4.4 Cataract and presbyopia
Cataract and presbyopia are two of very common visual defects that are caused by the loss of clarity and focusing abilities, respectively (Fricke et al., 2018). Ariana Allen et al. investigated the effects of lens shape change and the activity of Piezo channels on mouse lens myosin II activity (Allen et al., 2022). Ex vivo experiments (Freshly isolated mouse lenses are used in ex vivo experiments) demonstrated that changes in lens shape, induced by external mechanical loading, resulted in a reduction of calcium-dependent myosin II activity. Activation of Piezo1 via Yoda1 for 1 hour increased the levels of phosphorylated myosin light chain (MLC); however, prolonged Yoda1 treatment (6 and 24 h) led to lens opacification, which was associated with elevated calpain activity and degradation of membrane proteins in ex vivo mouse lenses. Conversely, inhibition of Piezo1 withL-GsMTx4 decreased MLC phosphorylation but did not alter the lens tensile characteristics. Research on Piezo channels in cataract pathogenesis remains relatively limited, making targeted ‘mechano-protective therapy’ a potential frontier in this field.

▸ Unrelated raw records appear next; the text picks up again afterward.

(** For a condition [q], write [m_q(σ)] for the infimum of [σ^N] over the
    models [N] of [q].  Call a valuation [X] of conditions a tracker of [σ]
    if [σ^N <= X_q] for every model [N] of [q], and every model [N] of [q]
    admits extensions [q' <= q] with [X_{q'} <= σ^N + ε].  The infimum of a
    tracker over the extensions of [q] is then [m_q(σ)], so it suffices that
    both [q ↦ H_q(σ)] and [q ↦ F_q(σ)] track [σ].  For [H] one adds the
    clause [σ < σ^N + ε] to [q].  For [F] one argues by induction on [σ]:
    the negation clause is [1 - m_q(σ)] by the previous remark, a sum needs one
    extension per summand, and for [inf_x] a witness in [N] is named by a
    constant occurring neither in [q] nor in [σ]. *)

From Stdlib Require Import Reals Lra Lia List Classical ClassicalEpsilon
  FunctionalExtensionality PropExtensionality.
Open Scope R_scope.
Set Implicit Arguments.

Lemma Sup_is_lub (E : R -> Prop) : bound E -> (exists x, E x) -> is_lub E (Sup E).
Proof.
  intros hb hne. unfold Sup.
  destruct (excluded_middle_informative _) as [h|h].
  - destruct (completeness E _ _) as [l hl]. exact hl.
  - tauto.
Qed.

Lemma Inf_le (E : R -> Prop) x : bounded_below E -> E x -> Inf E <= x.
Proof.
  intros [m hm] hx. unfold Inf.
  destruct (excluded_middle_informative _) as [_|h].
  - assert (hb : bound (fun y => E (- y))).
    { exists (- m). intros y hy. specialize (hm _ hy). lra. }
    assert (hx' : E (- - x)) by (rewrite Ropp_involutive; exact hx).
    destruct (Sup_is_lub hb (ex_intro _ _ hx')) as [hub _].
    specialize (hub _ hx'). lra.
  - exfalso. apply h. split; [exists m; exact hm | exists x; exact hx].
Qed.

Lemma Inf_ge (E : R -> Prop) m : (exists x, E x) -> (forall x, E x -> m <= x) -> m <= Inf E.
Proof.
  intros [x hx] hm. unfold Inf.
  destruct (excluded_middle_informative _) as [_|h].
  - assert (hb : bound (fun y => E (- y))).
    { exists (- m). intros y hy. specialize (hm _ hy). lra. }
    assert (hx' : E (- - x)) by (rewrite Ropp_involutive; exact hx).
    destruct (Sup_is_lub hb (ex_intro _ _ hx')) as [_ hlub].
    assert (Sup (fun y => E (- y)) <= - m).
    { apply hlub. intros y hy. specialize (hm _ hy). lra. }
    lra.
  - exfalso. apply h. split; [exists m; exact hm | exists x; exact hx].
Qed.

Lemma Inf_le_nonneg (E : R -> Prop) x : (forall y, E y -> 0 <= y) -> E x -> Inf E <= x.
Proof. intros h. apply Inf_le. exists 0. exact h. Qed.

Lemma Inf_empty (E : R -> Prop) : ~ (exists x, E x) -> Inf E = 1.
Proof.
  intros h. unfold Inf. destruct (excluded_middle_informative _) as [h'|_]; tauto.
Qed.
(* Fix $\gamma\in[0,1]$. Let $\widetilde X=(\widetilde x_{a,o})$ be the uncapped guiding fractional process obtained by running EFTT with threshold $\gamma$ (described in the context), and let $X$ be the integral matching produced by the following rounding scheme: when item $o$ arrives, feed the vector $(\widetilde x_{a,o})_{a\in N}$ to an online correlated selection (OCS) algorithm (described in the context), match $o$ to the selected agent if that agent is unmatched, and otherwise match $o$ to an arbitrary unmatched agent who likes it (if one exists). Then for every class $i\in[k]$, \[\mathbb{E}[V_i(X)]\ge\rho(\gamma)\cdot\mathrm{prop}_i,\qquad \rho(\gamma)=\int_0^\gamma e^{-\theta}p'(\theta)\,d\theta,\qquad p(t)=1-\exp\!\left(-t-\tfrac12t^2-\tfrac{4-2\sqrt3}{3}t^3\right).\] Hence the algorithm is $\rho(\gamma)$-CPROP in expectation.
   Context: Online class matching: an instance is a bipartite graph $G=(N,M,E)$ with known agents $N$, items $M$, $E\subseteq M\times N$ ($a$ likes $o$ iff $(o,a)\in E$); agents are partitioned into $k$ known classes $N_1,\dots,N_k$. Items arrive one at a time in adversarial order; upon arrival of $o$ its set of liking agents is revealed and $o$ must be irrevocably matched to at most one currently unmatched agent liking it. For a (fractional or integral) matching $X=(x_{o,a})$, $V_i(X)=\sum_{a\in N_i}\sum_o x_{o,a}$ and $y_j(X)\in[0,1]^M$ has $y_j(X)_o=\sum_{a\in N_j}x_{o,a}$. For $y\in[0,1]^M$, $V_i^*(y)$ is the maximum size of a fractional matching using edges of $E$ between $N_i$ and $M$ with degree at most $y_o$ at each item $o$ and at most $1$ at each agent. The proportional share of class $i$ is $\mathrm{prop}_i=\max_X\min_{j\in[k]}V_i^*(y_j(X))$, the maximum over all fractional matchings $X$ of $G$. An algorithm is $\alpha$-CPROP in expectation if $\mathbb{E}[V_i(X)]\ge\alpha\,\mathrm{prop}_i$ for every class $i$. Uncapped EFTT with threshold $\gamma$: a continuous water-filling process producing loads $\widetilde x_{a,o}\ge0$ in which agents have no capacity bound (the load $\sum_o\widetilde x_{a,o}$ may exceed $1$). Upon arrival of $o$: Phase I: let $Z_\gamma$ be the set of classes with at least one agent liking $o$ of current load less than $\gamma$; while $Z_\gamma\neq\emptyset$ and $o$ is not fully assigned, continuously assign mass of $o$ split equally among the classes in $Z_\gamma$, within each class to the agent(s) liking $o$ of minimum current load, removing a class from $Z_\gamma$ once it has no agent liking $o$ with load below $\gamma$. Phase II: once $Z_\gamma=\emptyset$, continuously assign the remaining mass of $o$ to the agent(s) liking $o$ with smallest current load until $o$ is fully assigned. OCS: an online algorithm which at each step receives a nonnegative vector $(\widetilde x_{a,o})_{a\in N}$ for some item $o$ with $\sum_a\widetilde x_{a,o}\le1$ and selects an agent $a$ with $\widetilde x_{a,o}>0$, such that by the end each agent $a$ has been selected at least once with probability at least $p(\widetilde x_a)$, where $\widetilde x_a=\sum_o\widetilde x_{a,o}$ and $p$ is as in the claim. *)

From HB Require Import structures.
From mathcomp Require Import all_boot all_order all_algebra.
From mathcomp Require Import all_classical all_reals all_analysis.
Set Implicit Arguments. Unset Strict Implicit. Unset Printing Implicit Defensive.
Import Order.TTheory GRing.Theory Num.Theory.
Import numFieldNormedType.Exports.
Local Open Scope classical_set_scope.
Local Open Scope ring_scope.
Lemma nonclassical_plug_Idis f :
  wf f = true -> classical f = false -> exists c a b, f = plug c (Idis a b).
Proof.
  induction f as [p| |a|a IHa b IHb|a IHa b IHb|a _ b _]; simpl; intros Hw Hc;
    try discriminate; [congruence| | |exists Hole, a, b; reflexivity];
    apply andb_true_iff in Hw as [Wa Wb]; destruct (classical a) eqn:Ea.
  - destruct (IHb Wb Hc) as (c & x & y & ->). exists (CAndR a c), x, y. reflexivity.
  - destruct (IHa Wa eq_refl) as (c & x & y & ->). exists (CAndL c b), x, y. reflexivity.
  - destruct (IHb Wb Hc) as (c & x & y & ->). exists (COrR a c), x, y. reflexivity.
  - destruct (IHa Wa eq_refl) as (c & x & y & ->). exists (COrL c b), x, y. reflexivity.
Qed.

Lemma wf_plug_inv c Y : wf (plug c Y) = true -> wf Y = true.
Proof. induction c; simpl; intros H; auto; apply andb_true_iff in H as [H1 H2]; auto. Qed.

Lemma wf_plug c X Y : wf (plug c Y) = true -> wf X = true -> wf (plug c X) = true.
Proof.
  induction c; simpl; intros H1 H2; auto; apply andb_true_iff in H1 as [H H'];
    apply andb_true_iff; auto.
Qed.

Lemma size_plug c X Y : size X < size Y -> size (plug c X) < size (plug c Y).
Proof. induction c; simpl; lia. Qed.

Theorem GT_complete G D :
  Forall (fun f => wf f = true) G -> Forall (fun f => wf f = true) D -> valid G D -> GT false G D.
Proof.
  remember (sizeL G) as n eqn:Hn. revert G Hn.
  induction n as [n IH] using lt_wf_ind. intros G -> HG HD HV.
  destruct (Forall_or_perm_cons classical G) as [CG|(f & G' & Hf & HP)].
  { now apply GT_complete_classical_left. }
  apply (Permutation_Forall HP) in HG. inversion HG as [|? ? Wf WG']; subst.
  destruct (nonclassical_plug_Idis f Wf Hf) as (c & a & b & ->).
  pose proof (wf_plug_inv _ _ Wf) as Wab. simpl in Wab. apply andb_true_iff in Wab as [Wa Wb].
  assert (HV' : valid (plug c (Idis a b) :: G') D) by (eapply valid_perm; eauto).
  eapply GT_perm; [symmetry; exact HP|reflexivity|]. apply GT_Lidis.
  - apply IH with (sizeL (plug c a :: G')); auto.
    + rewrite (sizeL_perm HP), !sizeL_cons.
      assert (size (plug c a) < size (plug c (Idis a b))) by (apply size_plug; simpl; lia). lia.
    + constructor; eauto using wf_plug.
    + eapply valid_left_incl; eauto. apply res_plug_mono, incl_res_Idis_l.
  - apply IH with (sizeL (plug c b :: G')); auto.
    + rewrite (sizeL_perm HP), !sizeL_cons.
      assert (size (plug c b) < size (plug c (Idis a b))) by (apply size_plug; simpl; lia). lia.
    + constructor; eauto using wf_plug.
    + eapply valid_left_incl; eauto. apply res_plug_mono, incl_res_Idis_r.
Qed.

(** * Uniform interpolation for classical formulas *)

Definition Top : form := Neg Bot.

Definition lit (b : bool) (p : nat) : form := if b then Var p else Neg (Var p).

Definition form_of_bool (b : bool) : form := if b then Top else Bot.

Fixpoint subst (p : nat) (c : form) (f : form) : form :=
  match f with
  | Var q => if Nat.eqb q p then c else Var q
  | Bot => Bot
  | Neg a => Neg (subst p c a)
  | And a b => And (subst p c a) (subst p c b)
  | Or a b => Or (subst p c a) (subst p c b)
  | Idis a b => Idis (subst p c a) (subst p c b)
  end.

Definition upd (v : nat -> bool) (p : nat) (b : bool) : nat -> bool :=
  fun q => if Nat.eqb q p then b else v q.

Definition ent (X Y : form) : Prop := forall v, ev v X = true -> ev v Y = true.

Definition over (P : bool -> nat -> Prop) (f : form) : Prop := forall s q, pvar s f q -> P s q.

Lemma ev_lit v b p : ev v (lit b p) = true <-> v p = b.
Proof. destruct b; simpl; destruct (v p); simpl; split; congruence. Qed.

Lemma pvar_lit s b p q : pvar s (lit b p) q -> s = b /\ q = p.
Proof. destruct b, s; simpl; intros [Hs ->]; auto; discriminate. Qed.

Lemma ev_subst_bool p b X v : ev v (subst p (form_of_bool b) X) = ev (upd v p b) X.
Proof.
  induction X as [q| | | | |]; simpl; try congruence.
  unfold upd. destruct (Nat.eqb q p); [now destruct b|reflexivity].
Qed.

Lemma pvar_subst_bool p b X s q : pvar s (subst p (form_of_bool b) X) q -> q <> p /\ pvar s X q.
Proof.
  revert s. induction X as [r| |a IH|a IHa c IHc|a IHa c IHc|a IHa c IHc]; simpl; intros s H;
    try (destruct H as [H|H]; [apply IHa in H|apply IHc in H]; tauto).
  - destruct (Nat.eqb r p) eqn:E; [destruct b; simpl in H; tauto|].
    destruct H as [Hs ->]. apply Nat.eqb_neq in E. auto.
  - destruct H.
  - now apply IH.
Qed.

Lemma classical_subst p c X :
  classical c = true -> classical X = true -> classical (subst p c X) = true.
Proof.
  intros Hc. induction X as [q| | | | |]; simpl; intros H; auto.
  - now destruct (Nat.eqb q p).
  - apply andb_true_iff in H as [H1 H2]. apply andb_true_iff; auto.
  - apply andb_true_iff in H as [H1 H2]. apply andb_true_iff; auto.
Qed.

Lemma ev_upd_same v p b X : v p = b -> ev (upd v p b) X = ev v X.
Proof.
  intros H. induction X as [q| | | | |]; simpl; try congruence.
  unfold upd. destruct (Nat.eqb q p) eqn:E; auto. apply Nat.eqb_eq in E. congruence.
Qed.

Lemma ev_mono_at p X : forall s v w,
  ~ pvar (negb s) X p -> (forall q, q <> p -> v q = w q) ->
  (if s then (v p = true -> w p = true) else (w p = true -> v p = true)) ->
  ev v X = true -> ev w X = true.
Proof.
  induction X as [q| |a IH|a IHa b IHb|a IHa b IHb|a IHa b IHb]; simpl; intros s v w Hp Hvw Hs He;
    try discriminate.
  - destruct (Nat.eq_dec q p) as [->|Hq]; [|now rewrite <- Hvw].
    destruct s; simpl in Hp; auto.
  - rewrite negb_involutive in Hp. apply negb_true_iff in He. apply negb_true_iff.
    destruct (ev w a) eqn:Ew; auto. rewrite <- He. symmetry. apply (IH (negb s) w v).
    + now rewrite negb_involutive.
    + intros r Hr. symmetry. auto.
    + now destruct s.
    + exact Ew.
  - apply andb_true_iff in He as [Ha Hb]. apply andb_true_iff.
    split; [apply (IHa s v w)|apply (IHb s v w)]; tauto.
  - apply orb_true_iff in He as [Ha|Hb]; apply orb_true_iff;
      [left; apply (IHa s v w)|right; apply (IHb s v w)]; tauto.
  - apply orb_true_iff in He as [Ha|Hb]; apply orb_true_iff;
      [left; apply (IHa s v w)|right; apply (IHb s v w)]; tauto.
Qed.

Lemma ev_upd_free Y p b v : ~ pvar b Y p -> ev (upd v p b) Y = true -> ev v Y = true.
Proof.
  intros Hp. apply (ev_mono_at p Y (negb b)); [now rewrite negb_involutive| |].
  - intros q Hq. unfold upd. apply Nat.eqb_neq in Hq. now rewrite Hq.
  - unfold upd. rewrite Nat.eqb_refl. destruct b; simpl; auto; discriminate.
Qed.

Section UniformInterpolation.

Variable Rt : bool -> nat -> Prop.

Definition uniform_interpolant (X Y : form) : Prop :=
  ent X Y /\ forall B, over Rt B -> ent X B -> ent Y B.

Lemma uniform_interpolant_refl X : uniform_interpolant X X.
Proof. split; [intros v; auto|auto]. Qed.

Lemma uniform_interpolant_trans X Y Z :
  uniform_interpolant X Y -> uniform_interpolant Y Z -> uniform_interpolant X Z.
Proof. intros [HXY HX] [HYZ HY]. split; [intros v Hv; auto|auto]. Qed.

Lemma ev_upd_transfer X B p b v :
  ent X B -> over Rt B -> ~ (pvar b X p /\ Rt b p) -> ev (upd v p b) X = true -> ev v B = true.
Proof.
  intros HXB HB Hp HX. destruct (classic (pvar b X p)) as [HXp|HXp].
  - apply (ev_upd_free B p b); auto.
  - apply HXB, (ev_upd_free X p b); auto.
Qed.

(* The guard of the [b]-branch of the Shannon expansion of [X] at [p]: the literal of
   polarity [b] if that polarity of [p] occurs in [X] and is allowed by [Rt], else [Top]. *)
Lemma shannon_guard X p b : exists g,
  classical g = true /\ (forall v, v p = b -> ev v g = true) /\
  (forall B v, over Rt B -> ent X B -> ev v g = true -> ev (upd v p b) X = true -> ev v B = true) /\
  over (fun s q => q = p /\ s = b /\ pvar b X p /\ Rt b p) g.
Proof.
  destruct (classic (pvar b X p /\ Rt b p)) as [H|H].
  - exists (lit b p). split; [now destruct b|split; [|split]].
    + intros v. apply ev_lit.
    + intros B v _ HXB Hg HX. apply ev_lit in Hg. rewrite ev_upd_same in HX; auto.
    + intros s q Hq. apply pvar_lit in Hq as [-> ->]. tauto.
  - exists Top. split; [reflexivity|split; [reflexivity|split]].
    + intros B v HB HXB _. now apply (ev_upd_transfer X B p b v).
    + intros s q [].
Qed.

Lemma shannon_step X p : classical X = true -> exists Y,
  classical Y = true /\ uniform_interpolant X Y /\
  over (fun s q => pvar s X q /\ (q = p -> Rt s q)) Y.
Proof.
  intros HX.
  destruct (shannon_guard X p false) as (g0 & C0 & T0 & E0 & V0).
  destruct (shannon_guard X p true) as (g1 & C1 & T1 & E1 & V1).
  exists (Or (And g0 (subst p (form_of_bool false) X)) (And g1 (subst p (form_of_bool true) X))).
  split; [|split; [split|]].
  - simpl. rewrite C0, C1, !classical_subst; auto.
  - intros v Hv. cbn [ev]. rewrite !ev_subst_bool.
    destruct (v p) eqn:E.
    + rewrite (ev_upd_same v p true X E), T1, Hv by exact E. apply orb_true_r.
    + rewrite (ev_upd_same v p false X E), T0, Hv by exact E. reflexivity.
  - intros B HB HXB v Hv. cbn [ev] in Hv. rewrite !ev_subst_bool in Hv.
    apply orb_true_iff in Hv as [Hv|Hv]; apply andb_true_iff in Hv as [Hg Hv]; eauto.
  - intros s q Hq. cbn [pvar] in Hq.
    destruct Hq as [[Hq|Hq]|[Hq|Hq]];
      try (apply pvar_subst_bool in Hq; split; tauto);
      [apply V0 in Hq|apply V1 in Hq]; destruct Hq as (-> & -> & HX' & HR); auto.
Qed.

Lemma shannon_elim ps X : classical X = true -> exists Y,
  classical Y = true /\ uniform_interpolant X Y /\
  over (fun s q => pvar s X q /\ (In q ps -> Rt s q)) Y.
Proof.
  intros HX. induction ps as [|p ps IH].
  - exists X. split; [|split]; [auto|apply uniform_interpolant_refl|intros s q H; simpl; tauto].
  - destruct IH as (Y & CY & IXY & VY).
    destruct (shannon_step Y p CY) as (Z & CZ & IYZ & VZ).
    exists Z. split; [|split]; [auto|eapply uniform_interpolant_trans; eauto|].
    intros s q Hq. destruct (VZ s q Hq) as [HY Hp]. destruct (VY s q HY) as [HXq Hps].
    split; auto. intros [->|Hq']; auto.
Qed.

End UniformInterpolation.

Fixpoint vars (f : form) : list nat :=
  match f with
  | Var p => [p]
  | Bot => []
  | Neg a => vars a
  | And a b | Or a b | Idis a b => vars a ++ vars b
  end.

Lemma pvar_vars f s q : pvar s f q -> In q (vars f).
Proof.
  revert s. induction f; simpl; intros s H; try tauto.
  - destruct H as [_ ->]. left. auto.
  - eauto.
  - apply in_or_app. destruct H; eauto.
  - apply in_or_app. destruct H; eauto.
  - apply in_or_app. destruct H; eauto.
Qed.

Theorem classical_uniform_interpolation Rt X : classical X = true -> exists Y,
  classical Y = true /\ uniform_interpolant Rt X Y /\
  over (fun s q => pvar s X q /\ Rt s q) Y.
Proof.
  intros HX. destruct (shannon_elim Rt (vars X) X HX) as (Y & CY & IXY & VY).
  exists Y. split; [|split]; auto.
  intros s q Hq. destruct (VY s q Hq) as [HXq H]. eauto using pvar_vars.
Qed.

(** * Interpolants *)

Definition conjL (l : list form) : form := fold_right And Top l.
Definition disjL (l : list form) : form := fold_right Or Bot l.
Definition idisjL (l : list form) : form := fold_right Idis Bot l.

Lemma ev_conjL v l : ev v (conjL l) = true <-> sat v l.
Proof.
  induction l as [|x l IH]; simpl.
  - split; [intros _ x []|auto].
  - rewrite andb_true_iff, sat_cons, <- IH. reflexivity.
Qed.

5 Summary and perspectives
In conclusion, the extensive expression of Piezo channels across various ocular tissues indicates their potential significance in both physiological and pathological processes, warranting further investigation. We attempt to summarize the expression patterns and potential functions of Piezo in the eye through Figure 1. Elucidating the role of Piezo channels in the pathogenesis of ocular diseases may offer novel insights into potential therapeutic strategies. However, current investigations in this field face two major methodological constraints: the inherent limitations of singular detection approaches and the current unavailability of Piezo-specific pharmacological modulators (both agonists and antagonists). Consequently, numerous aspects require additional exploration in future studies.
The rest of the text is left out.